First we had a detailed introduction to knife safty,then we went over every type of knife that was in our kit,there name and use.
We were instucted in the care of the knifes ETC.
We then started learning the proper way to hold a knife.

Then off we went to learn all the fundemential cuts,bruniose,juliene,batton.macidone ETC.Believe it or not this class lasted two weeks and there was a hands on final. (I passed)

I do understand your concern and enjoyed your imformation on your site. I don't know...maybe to much is covered in culinary school and less is paid to basics.
How to use a knife,proper cooking techniques,ordering/recieving
Sanitation and the like.You can't garnish a cake if you can't bake,you can't finish a bordalaise sauce if you can't make a fond de veau.

anyway I'm rambling on:chef: 
cc


----------



## elakin (Jan 12, 2001)

great observation bouland....

i too had basic knife skills as my first class in culinary school. besides learning the uses for various knives, we also were taught how to use a whetstone and a steel, and what they did to the knife. my experience was almost the same as yours capechef, only my knife roll was F. Dick brand and cost $75.

i would think most culinary school grads had similar experiences.

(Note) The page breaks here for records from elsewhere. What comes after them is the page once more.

Lemma is_image_shift f t x k :
  is_image f t x -> is_image f (shiftn k t) (shiftn (size (mapw f (pref t k))) x).
Proof. by move=> tx n; have := tx (k + n); rewrite pref_add mapw_cat => /starts_cat[]. Qed.

Lemma is_image_head f t x : is_image f t x -> starts x (f (t 0)).
Proof. by move/(_ 1); rewrite pref_S /mapw /= cats0. Qed.

Lemma is_image_cons f t x :
  is_image f t x -> is_image f (shiftn 1 t) (shiftn (size (f (t 0))) x).
Proof. by move/(is_image_shift 1); rewrite pref_S /mapw /= cats0. Qed.

Lemma starts_image f t x p : is_image f t x -> starts t p -> starts x (mapw f p).
Proof. by move=> tx <-. Qed.

Lemma occurs_image f t x p : is_image f t x -> occurs t p -> occurs x (mapw f p).
Proof. by move=> tx [i tp]; eexists; exact: starts_image (is_image_shift i tx) tp. Qed.

Lemma is_imageE f t x : nonerasing f -> is_image f t x <-> x = img f t.
Proof.
move=> ne_f; have long n : n <= size (mapw f (pref t n)).
  by rewrite -{1}(size_pref t n) size_mapw.
split=> [tx | ->].
  by apply: funext => k; rewrite /img (starts_nth (tx k.+1)).
have nth_pref m n k : m <= n -> k < size (mapw f (pref t m)) ->
    nth false (mapw f (pref t m)) k = nth false (mapw f (pref t n)) k.
  by move=> le_mn; rewrite -(subnKC le_mn) pref_add mapw_cat nth_cat => ->.
move=> n; apply: (@eq_from_nth _ false); rewrite size_pref // => k lt_k.
rewrite nth_mkseq // /img; case: (leqP k.+1 n) => [le_kn | /ltnW le_nk].
  exact: nth_pref (long _).
by rewrite (nth_pref n k.+1).
Qed.

Lemma is_image_img f t : nonerasing f -> is_image f t (img f t).
Proof. by move=> ne_f; apply/is_imageE. Qed.

Lemma is_image_phiw_nil t x : is_image (phiw [::]) t x -> x = t.
Proof.
move/(is_imageE _ _ (nonerasing_phiw _)) => ->; apply: funext => n.
by rewrite /img mapw_phiw_nil nth_mkseq.
Qed.

Lemma fixed_byE f u : nonerasing f -> fixed_by f u <-> is_image f u u.
Proof.
move=> ne_f; rewrite is_imageE //; split=> [fx | def_u n]; last by rewrite {2}def_u.
by apply: funext => n; rewrite fx.
Qed.

Lemma prefix_pref x m n : m <= n -> prefix (pref x m) (pref x n).
Proof. by move=> le_mn; rewrite -(subnKC le_mn) pref_add prefix_prefix. Qed.

Lemma prefix_mapw f p q : prefix p q -> prefix (mapw f p) (mapw f q).
Proof. by case/prefixP=> r ->; rewrite mapw_cat prefix_prefix. Qed.

Lemma mapw_phiw_cons g L p : mapw (phiw (g :: L)) p = mapw (phi g) (mapw (phiw L) p).
Proof. by rewrite mapw_comp. Qed.

Lemma is_image_phiw_cons g L t x :
  is_image (phiw (g :: L)) t x -> is_image (phi g) (img (phiw L) t) x.
Proof.
move=> tx n; set z := img (phiw L) t.
have tz : is_image (phiw L) t z := is_image_img t (nonerasing_phiw L).
apply: starts_prefix (tx n) _; rewrite mapw_phiw_cons -(tz n).
apply/prefix_mapw/prefix_pref.
by rewrite -{1}(size_pref t n) size_mapw //; apply: nonerasing_phiw.
Qed.

Definition factor_set (x : nat -> bool) (n : nat) : {set n.-tuple bool} :=
  [set v : n.-tuple bool | `[< occurs x v >]].

Lemma factor_setE x y n : (forall v, occurs x v <-> occurs y v) -> factor_set x n = factor_set y n.
Proof. by move=> occ_xy; apply/setP => v; rewrite !inE; apply/asbool_equiv_eq. Qed.

Lemma factorE x n v : factor x n v <-> size v = n /\ occurs x v.
Proof.
split=> [[i ->] | [<- [i xv]]]; last by exists i; rewrite -[LHS]xv.
by split; [exact: size_mkseq | exists i; rewrite /starts size_mkseq].
Qed.

Lemma sturmian_card_factor_set x : (forall n, #|factor_set x n| = n.+1) -> sturmian x.
Proof.
move=> card_x n; exists (map val (enum (factor_set x n))); split.
  by rewrite map_inj_uniq ?enum_uniq //; apply: val_inj.
split; first by rewrite size_map -cardE card_x.
move=> v; rewrite factorE; split.
  by case/mapP=> t; rewrite mem_enum inE => /asboolP occ_t ->; rewrite size_tuple.
case=> size_v occ_v; apply/mapP; exists (Tuple (introT eqP size_v)) => //.
by rewrite mem_enum inE; apply/asboolP.
Qed.

Section LeftSpecialPrefixes.

Variable x : nat -> bool.
Hypothesis special_iff_prefix : forall v, left_special x v <-> starts x v.

Lemma occurs_extend v : occurs x v -> exists c, occurs x (c :: v).
Proof.
case=> [[|i] xv].
  by rewrite shiftn0 in xv; case: ((special_iff_prefix v).2 xv); exists false.
by exists (x i); apply/occurs_cons; exists i.
Qed.

(* Every factor extends to the left, and only the prefix, being the left special factor,
   extends in two ways. *)
Lemma card_factor_set n : #|factor_set x n| = n.+1.
Proof.
elim: n => [|n IHn].
  suff -> : factor_set x 0 = setT by rewrite cardsT card_tuple.
  by apply/setP => v; rewrite !inE tuple0; apply/asboolP; exists 0.
pose A c := [set v : n.-tuple bool | `[< occurs x (c :: v) >]].
have cons_inj c : injective (@cons_tuple n bool c).
  by move=> v v' /(congr1 val) [] /val_inj.
have cons_notin c v : cons_tuple c v \notin cons_tuple (~~ c) @: A (~~ c).
  by apply/imsetP => -[v' _ /(congr1 val) []]; case: c.
have split_factors : factor_set x n.+1 =
    cons_tuple false @: A false :|: cons_tuple true @: A true.
  apply/setP => w; have -> : w = cons_tuple (thead w) (behead_tuple w) by apply: tuple_eta.
  rewrite inE.
  case: (thead w) (cons_notin (thead w) (behead_tuple w)) => /= /negbTE notin.
    by rewrite in_setU notin mem_imset // inE.
  by rewrite in_setU notin mem_imset // inE orbF.
have disjoint_images : cons_tuple false @: A false :&: cons_tuple true @: A true = set0.
  apply/setP => w; rewrite !inE; apply/negP => /andP[/imsetP[v _ ->]].
  exact/negP/cons_notin.
have extensions : A false :|: A true = factor_set x n.
  apply/setP => v; rewrite !inE; apply/idP/idP.
    by case/orP=> /asboolP occ; apply/asboolP; apply: occurs_infix occ (infix_cons _ _).
  by move/asboolP/occurs_extend => -[[] occ]; apply/orP; [right | left]; apply/asboolP.
have special : A false :&: A true = [set Tuple (introT eqP (size_pref x n))].
  apply/setP => v; rewrite !inE; apply/andP/eqP => [[/asboolP occ0 /asboolP occ1] | ->].
    have /special_iff_prefix xv : left_special x v by split.
    by apply: val_inj; rewrite /= -xv size_tuple.
  by have [occ0 occ1] := (special_iff_prefix _).2 (starts_pref x n); split; apply/asboolP.
have := cardsUI (cons_tuple false @: A false) (cons_tuple true @: A true).
rewrite -split_factors disjoint_images cards0 addn0 !card_imset // -cardsUI.
by rewrite extensions special cards1 IHn addn1.
Qed.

the problem with many of these T.V. chefs, though, is not that they don't know how to use a knife...but that they're out of practice. by the time you get to t.v., you've been schmoozing people, writing and costing recipes and cookbooks, doing appearances, and expediting (when you're actually at your restaurant) for so long that doing a brunoise is pretty far from your daily routine. 

so when they actually have a knife in their hands on t.v., these guys are like "what's this?" like a new dad holding his infant. put a cell phone or a palm pilot in their hands and they'll probably seem more in their element.


----------



## daveb (May 1, 2001)

Excellent article, Bouland. Most of my knife skills were derived from watching Pepin on TV.

One question on care. How often should a frequently-used knife in a home kitchen be sharpened? I use the steel liberally, but have always been nervous about using the stone too often, having had as a bad example a friend who could reduce a chef's knife to a slicer in a year or two. As a result, my knives are probably less sharp than they might be.


----------



## kylew (Aug 14, 2000)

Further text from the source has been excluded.